Good list. I’d add: Take away an employee’s ability to solve a customer’s problem. Solving a problem makes both the customer and the employee feel satisfied. It allows loyalty to grow. Too few employees are empowered to take ownership of issues and solve them.

Doug Garnett
Active Member
7 years ago

Today, management by customer surveys is incredibly demotivating to store employees. In many retail operations these so-called 10-point scales are really three point scales — 10, nine and failure.

I know that these surveys are used heavily in retail management. But I’ve come to consider them mismanagement techniques. Because of the way the surveys are given, they lack scientific validity yet are used for bonus determination and firings.

At the same time, surveys irritate customers as store employees are forced to plead with customers to fill them out — merely to make quotas in numbers of surveys. (I no longer fill out any surveys.)

This is my most recent post which summarizes store employee comments from prior posts. Those posts are based on very specific store experiences I had.
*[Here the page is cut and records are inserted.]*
(* The Laplacian part u of any resolvent of a 1-Lipschitz f has norm <= vol(V)^{1/2}:
   monotonicity against u0 gives <u, u> <= <u0, u>, then Cauchy-Schwarz. *)
Lemma resolvent_Lap_norm_le lam f g u : 0 < lam -> lip1 E w f -> NLap E w g u ->
  f = (fun z => g z + lam * u z) -> norm u <= Num.sqrt (vol E w).
Proof.
move=> hl hf hgu hfe; have [u0 hu0 hu0b] := lip1_NLap_small hf.
have mono := NLap_monotone hE hw hgu hu0.
have uu0 : inner u u <= inner u0 u.
  have e : inner (fun z => u z - u0 z) (fun z => g z - f z) = - lam * (inner u u - inner u0 u).
    by rewrite hfe /Defs.inner -sumrB mulr_sumr; apply: eq_bigr => z _; ring.
  by move: mono; rewrite e mulNr oppr_ge0 pmulr_rle0 // subr_le0.
apply: le_of_sqr_le_mul; rewrite ?sqrtr_ge0 //.
rewrite -expr2 sqr_sqrtr ?(inner_ge0 hd) //; apply: (le_trans uu0).
apply: le_trans (ler_norm _) _; apply: le_trans (cauchy_schwarz_sqrt hd _ _) _.
by apply: ler_wpM2r; rewrite ?sqrtr_ge0 // ler_sqrt ?vol_ge0.
Qed.

Lemma resolvent_diff_le lam mu f gl gm ul um : 0 < mu ->
  NLap E w gl ul -> NLap E w gm um ->
  f = (fun z => gl z + lam * ul z) -> f = (fun z => gm z + mu * um z) ->
  norm (fun z => gl z - gm z) <= `|lam - mu| * norm ul.
Proof.
move=> hm hul hum hfl hfm; have mono := NLap_monotone hE hw hul hum.
set Dg := (fun z => gl z - gm z) in mono *.
have eN : inner Dg Dg
    = - mu * inner (fun z => ul z - um z) Dg + (mu - lam) * inner ul Dg.
  rewrite /Defs.inner !mulr_sumr -big_split; apply: eq_bigr => z _ /=.
  have e : gm z + mu * um z = gl z + lam * ul z by have := congr1 (@^~ z) hfl; rewrite hfm.
  have e' : gl z = gm z + mu * um z - lam * ul z by rewrite e addrK.
  by rewrite /Dg e'; ring.
have cs : (mu - lam) * inner ul Dg <= `|lam - mu| * (norm ul * norm Dg).
  apply: le_trans (ler_norm _) _; rewrite normrM distrC.
  by rewrite ler_wpM2l ?cauchy_schwarz_sqrt.
apply: le_of_sqr_le_mul; rewrite ?mulr_ge0 ?sqrtr_ge0 //.
rewrite -expr2 sqr_sqrtr ?(inner_ge0 hd) // {1}eN -mulrA.
have := mulr_ge0 (ltW hm) mono; clearbody Dg; lra.
Qed.

Lemma resolvent_pairing_lipschitz lam mu f x y : 0 < lam -> 0 < mu -> lip1 E w f ->
  `|inner (resolvent E w lam f) (fun z => delta x z - delta y z)
    - inner (resolvent E w mu f) (fun z => delta x z - delta y z)|
  <= 2 * M * Num.sqrt (vol E w) * `|lam - mu|.
Proof.
move=> hl hm hf; set D := fun z => delta x z - delta y z.
have [ul [hul hfl]] := resolvent_spec f hE hw hd hl.
have [um [hum hfm]] := resolvent_spec f hE hw hd hm.
have -> : inner (resolvent E w lam f) D - inner (resolvent E w mu f) D
    = inner (fun z => resolvent E w lam f z - resolvent E w mu f z) D.
  by rewrite /Defs.inner -sumrB; apply: eq_bigr => z _; ring.
apply: le_trans (cauchy_schwarz_sqrt hd _ _) _.
have -> : 2 * M * Num.sqrt (vol E w) * `|lam - mu|
    = `|lam - mu| * Num.sqrt (vol E w) * (2 * M) by ring.
apply: ler_pM; rewrite ?sqrtr_ge0 ?norm_deltaB_le //.
apply: le_trans (resolvent_diff_le hm hul hum hfl hfm) _.
by apply: ler_wpM2l => //; exact: resolvent_Lap_norm_le hl hf hul hfl.
Qed.

Lemma resolvent_pairing_ub lam f x y : 0 < lam -> lip1 E w f ->
  inner (resolvent E w lam f) (fun z => delta x z - delta y z)
  <= (dist E x y)%:R + lam * (Num.sqrt (vol E w) * (2 * M)).
Proof.
move=> hl hf; set D := fun z => delta x z - delta y z.
have [u [hu hfu]] := resolvent_spec f hE hw hd hl.
have -> : inner (resolvent E w lam f) D = inner f D - lam * inner u D.
  have fz z : f z = resolvent E w lam f z + lam * u z by rewrite {1}hfu.
  by rewrite /Defs.inner mulr_sumr -sumrB; apply: eq_bigr => z _; rewrite fz; ring.
have h1 : inner f D <= (dist E x y)%:R.
  by rewrite /D inner_deltaB; apply: le_trans (ler_norm _) (hf x y).
have h2 : `|inner u D| <= Num.sqrt (vol E w) * (2 * M).
  apply: le_trans (cauchy_schwarz_sqrt hd _ _) _.
  by apply: ler_pM; rewrite ?sqrtr_ge0 ?(resolvent_Lap_norm_le hl hf hu hfu) ?norm_deltaB_le.
have h3 : - inner u D <= Num.sqrt (vol E w) * (2 * M).
  by apply: le_trans h2; rewrite -normrN ler_norm.
have := ler_wpM2l (ltW hl) h3; rewrite mulrN; lra.
Qed.

End ResolventBounds.

Lemma sup_image_close {R : realType} (A : Type) (P : A -> Prop) (g1 g2 : A -> R)
    (K B1 B2 : R) (a0 : A) :
  P a0 -> (forall a, P a -> g1 a <= B1) -> (forall a, P a -> g2 a <= B2) ->
  (forall a, P a -> `|g1 a - g2 a| <= K) ->
  `|sup [set r | exists a, P a /\ r = g1 a] - sup [set r | exists a, P a /\ r = g2 a]| <= K.
Proof.
move=> Pa0 hb1 hb2 hK.
have sup_le (h1 h2 : A -> R) B : (forall a, P a -> h2 a <= B) ->
    (forall a, P a -> h1 a <= h2 a + K) ->
    sup [set r | exists a, P a /\ r = h1 a] <= sup [set r | exists a, P a /\ r = h2 a] + K.
  move=> hb h12; have hs : has_sup [set r | exists a, P a /\ r = h2 a].
    by split; [exists (h2 a0), a0 | exists B => r [a [Pa ->]]; exact: hb].
  apply: ge_sup; first by exists (h1 a0), a0.
  move=> r [a [Pa ->]]; apply: le_trans (h12 a Pa) _.
  by rewrite lerD2r; apply: sup_upper_bound => //; exists a.
have l12 : sup [set r | exists a, P a /\ r = g1 a]
    <= sup [set r | exists a, P a /\ r = g2 a] + K.
  apply: (sup_le _ _ B2 hb2) => a Pa.
  by move: (hK a Pa); rewrite ler_norml => /andP [_ h]; lra.
have l21 : sup [set r | exists a, P a /\ r = g2 a]
    <= sup [set r | exists a, P a /\ r = g1 a] + K.
  apply: (sup_le _ _ B1 hb1) => a Pa.
  by move: (hK a Pa); rewrite ler_norml => /andP [h _]; lra.
by rewrite ler_norml; apply/andP; split; lra.
Qed.

Theorem mainTheorem7 (R : realType) (V : finType)
  (E : {set {set V}}) (w : {set V} -> R)
  (hE : forall e, e \in E -> (0 < #|e|)%N)
  (hw : forall e, e \in E -> 0 < w e)
  (hd : forall x : V, 0 < deg E w x)
  (hconn : forall x y : V, exists n, walk E x y n)
  (lam mu : R) (hlam : 0 < lam) (hmu : 0 < mu) (x y : V) :
  `|KD E w lam x y - KD E w mu x y|
    <= 2 * Mconst E w * Num.sqrt (vol E w) * `|lam - mu|.
Proof.
apply: (sup_image_close (a0 := fun _ => 0)).
- by move=> a b; rewrite !mul0r subrr normr0 ler0n.
- by move=> f hf; apply: (resolvent_pairing_ub hE hw hd _ _ hlam hf).
- by move=> f hf; apply: (resolvent_pairing_ub hE hw hd _ _ hmu hf).
- by move=> f hf; apply: resolvent_pairing_lipschitz.
Qed.
Let R_refinement : refinement R := proj1 R_expander.
Let R_topology : forall tau, is_topology tau -> is_topology (R tau) :=
  proj1 R_refinement.
Let R_mono := proj1 (proj2 R_refinement).
Let tower_open {r} (Hr : tower R r) : is_topology r := tower_topology R R_topology Hr.

Lemma stage_tower n : tower R (sg n).
Proof. exact (proj1 (proj1 (proj1 (sg_least n)))). Qed.

Lemma stage_below n s : stages R th n x U s -> fsubset (sg n) s.
Proof. exact (proj2 (proj1 (sg_least n)) s). Qed.

Lemma stage_sub n : fsubset (sg n) th.
Proof.
  apply stage_below; split; [exact th_tower|].
  exists x, U; split; [exact x_U_bad | split; [apply agree_refl | apply x_U_bad]].
Qed.

Lemma stage_mono {n m} : n <= m -> fsubset (sg n) (sg m).
Proof.
  intro nm; apply stage_below; split; [apply stage_tower|].
  set (h := fun i => if i <? n then i else i + (m - n)).
  exists (fun i => x (h i)), (fun i => U (h i)); split; [|split].
  - apply bad_sequence_subseq; [exact x_U_bad|]; intros i j ij; unfold h.
    destruct (Nat.ltb_spec i n), (Nat.ltb_spec j n); lia.
  - intros i i_n; unfold h; destruct (Nat.ltb_spec i n); [auto | lia].
  - unfold h; destruct (Nat.ltb_spec n n); [lia|].
    replace (n + (m - n)) with m by lia; apply sg_least.
Qed.

Definition prestage n : family X := sup (fun r => tower R r /\ strict r (sg n)).

Lemma prestage_tower n : tower R (prestage n).
Proof. apply tower_sup; intros r [Hr _]; exact Hr. Qed.

Lemma prestage_sub n : fsubset (prestage n) (sg n).
Proof. apply sup_least; [apply tower_open, stage_tower|]; intros r [_ [r_sg _]]; exact r_sg. Qed.

(* An open set of a supremum of a chain is locally open at a lower stage, so
   [U n] could be shrunk to an open set of a stage below [sg n]. *)
Lemma prestage_strict n : strict (prestage n) (sg n).
Proof.
  split; [apply prestage_sub | intro sg_pre].
  destruct (x_U_bad n) as [_ [Uxn Ufresh]].
  destruct (sup_chain_open _ _ (fun r Hr => tower_open (proj1 Hr))
              (fun a b Ha Hb => tower_chain R R_topology R_mono a b (proj1 Ha) (proj1 Hb))
              (sg_pre _ (proj2 (sg_least n)))) as [Ufull | Ulocal].
  - exact (Ufresh (S n) (Nat.lt_succ_diag_r n) (Ufull _)).
  - destruct (Ulocal (x n) Uxn) as [V [[r [[Hr [r_sg sg_r]] rV]] [Vx VU]]].
    apply sg_r, stage_below; split; [exact Hr|].
    exists x, (fun i => if i =? n then V else U i); split; [|split].
    + apply bad_sequence_shrink; auto; apply (stage_sub n), r_sg, rV.
    + intros i i_n; destruct (Nat.eqb_spec i n); [lia | auto].
    + rewrite Nat.eqb_refl; exact rV.
Qed.

Lemma stage_sub_R_prestage n : fsubset (sg n) (R (prestage n)).
Proof.
  destruct (tower_chain R R_topology R_mono _ _ (stage_tower n) (tower_R R _ (prestage_tower n)))
    as [sg_R|R_sg]; auto.
  apply NNPP; intro not_sg_R; apply (proj2 (prestage_strict n)).
  assert (R_pre : fsubset (R (prestage n)) (prestage n)).
  { apply sup_ub; split; [apply tower_R, prestage_tower | split; auto]. }
  exact (tower_below_prefixpoint R R_topology R_mono (tower_open (prestage_tower n)) R_pre (stage_tower n)).
Qed.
For me, it’s sobering reading. And it reveals a practice that violates what Deming taught us as well as Campbell’s Law (read Campbell’s Law for insight into the current Wells Fargo debacle.)

Ian Percy
Member
Reply to  Doug Garnett
7 years ago

SO glad someone else is pointing this out Doug. Same goes for performance appraisals!

Doug Garnett
Active Member
Reply to  Ian Percy
7 years ago

I really have enjoyed reading Deming’s comments on appraisals … So fresh to have someone of his intelligence and experience tell us to get rid of them.

Cheers.

Jasmine Glasheen
Member
7 years ago

Although managers holding themselves to a different set of standards may be the most common in retail, undermining the company may be the most detrimental. In both cases, the manager is failing to set a precedent for positive behavior through example.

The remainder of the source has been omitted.